Ford Motor Co. (F), projecting losses of more than $1 billion in Europe this year, is examining the competitiveness of its vehicle lineup and brand in the region as it draws up a turnaround plan.
“Our results in the last 12 months in Europe are not acceptable and we need to address that situation,” Stuart Rowley, Ford’s controller, said today at a JPMorgan Chase & Co. auto conference in New York. “We are looking at our plan and will address all aspects of our business, looking at our structural costs, our product portfolio and our brand.”
Analysts such as Morgan Stanley’s Adam Jonas have been suggesting that Ford close one or more factories in Europe. The automaker is using just 63 percent of its production capacity in the region, according to Morgan Stanley. Ford’s second-quarter net income fell 57 percent to $1.04 billion as operating losses in Europe widened to $404 million.
“Cost alone cannot get us to where we need to be,” Rowley said. “Look at our North American business, that’s a good guide. We continued to invest in our product plan.”
The economic crisis in Europe is denting the revival Chief Executive Officer Alan Mulally has engineered at Ford. The Dearborn, Michigan-based automaker last month lowered its outlook for full-year profit, saying it no longer expected to equal last year’s pretax operating profit of $8.8 billion.
The economy in Europe, which accounts for about a quarter of Ford’s revenue, is worse than the company anticipated at the start of 2012 and will stay challenging for at least five more years, Chief Financial Officer Bob Shanks has said.
Ford is not cutting prices in Europe as aggressively as others, Rowley said.
“There’s a lot of discounting,” he said. “We think it’s very important to focus on maintaining margins as we address our issues in Europe.”
Ford rose 0.4 percent to $9.44 at the close in New York. The shares have fallen 12 percent this year.
The company’s European sales fell 10 percent in the first half, while industrywide deliveries dropped 6.3 percent.
The challenges in Europe, where industry sales have fallen 22 percent since 2007, aren’t simply the result of a cyclical, recessionary decline, Rowley said.
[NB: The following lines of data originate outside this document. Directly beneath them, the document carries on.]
(* Every set with a type contains a subset of type (2, 2): two elements
   from each half of the split that defines its type. *)
Lemma type_22 S t : has_type S t -> exists2 T, T `<=` S & has_type T (2, 2).
Proof.
elim=> {S t} [S _ S0 S1 | S t _ _ _ [T TS ty] | S t _ _ _ [T TS ty]]; last first.
- by exists T => //; exact: fsubset_trans TS (half_sub true S).
- by exists T => //; exact: fsubset_trans TS (half_sub false S).
have [x0 [y0 [x0S y0S xy0]]] := two_elements S0.
have [x1 [y1 [x1S y1S xy1]]] := two_elements S1.
pose B c := if c then [fset x1; y1] else [fset x0; y0].
have BS c : B c `<=` half c S by case: c; apply/fsubsetP => z /fset2P [] ->.
have Bne c : B c != fset0 by case: c; apply/fset0Pn; eexists; exact: fset21.
have B2 c : #|` B c| = 2 by case: c; rewrite cardfs2 ?xy0 ?xy1.
exists (B false `|` B true).
  by rewrite fsubUset !(fsubset_trans (BS _) (half_sub _ S)).
have E0 : split0 (B false `|` B true) = B false := half_union BS Bne false.
have E1 : split1 (B false `|` B true) = B true := half_union BS Bne true.
by move: (type_base (C := B false `|` B true)); rewrite E0 E1 !B2; apply.
Qed.

Definition cat_or_type_le (n : nat) (T : {fset nat}) : Prop :=
  caterpillar T \/ exists p q, has_type T (p, q) /\ p + q <= n.

Lemma cat_or_type_card T : cat_or_type_le #|` T| T.
Proof.
have [cat | [p [q ty]]] := cat_or_type T; first by left.
by right; exists p, q; split; last exact: type_sum ty.
Qed.

(* Removing x from a half of size >= 2 whose complement is a singleton: the
   removal commutes with the descent into that half, so any type or
   caterpillar property of half b S \ x lifts to S \ x. *)
Section RemoveBelowSingleton.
The cost structure of the European auto industry, which includes factory capacity, is to blame for the crisis all carmakers face there, he said.
“We view the issues to be more structural and we need to consider our plans in that context and we’ll develop them accordingly,” Rowley said. “We certainly don’t think muddling along will work.”
In North America, where Ford generates most of its sales and profit, second-quarter pretax operating income rose to $2.01 billion, from $1.9 billion last year. The company said North American operating margin was 10.2 percent.
Ford has more debt than General Motors Co. (GM) and Chrysler Group LLC because it borrowed $23.4 billion in late 2006 and avoided the bailouts and bankruptcies that befell the predecessors of those competitors in 2009. Ford put up all major assets as collateral, including its blue oval logo.
Ford recovered those assets May 22 when Moody’s Investors Service became the second major rating company, after Fitch Ratings, to raise the automaker to investment grade. Standard & Poor’s, which rates Ford one step below that level, raised its outlook on the automaker Aug. 10 to “positive” from “stable.”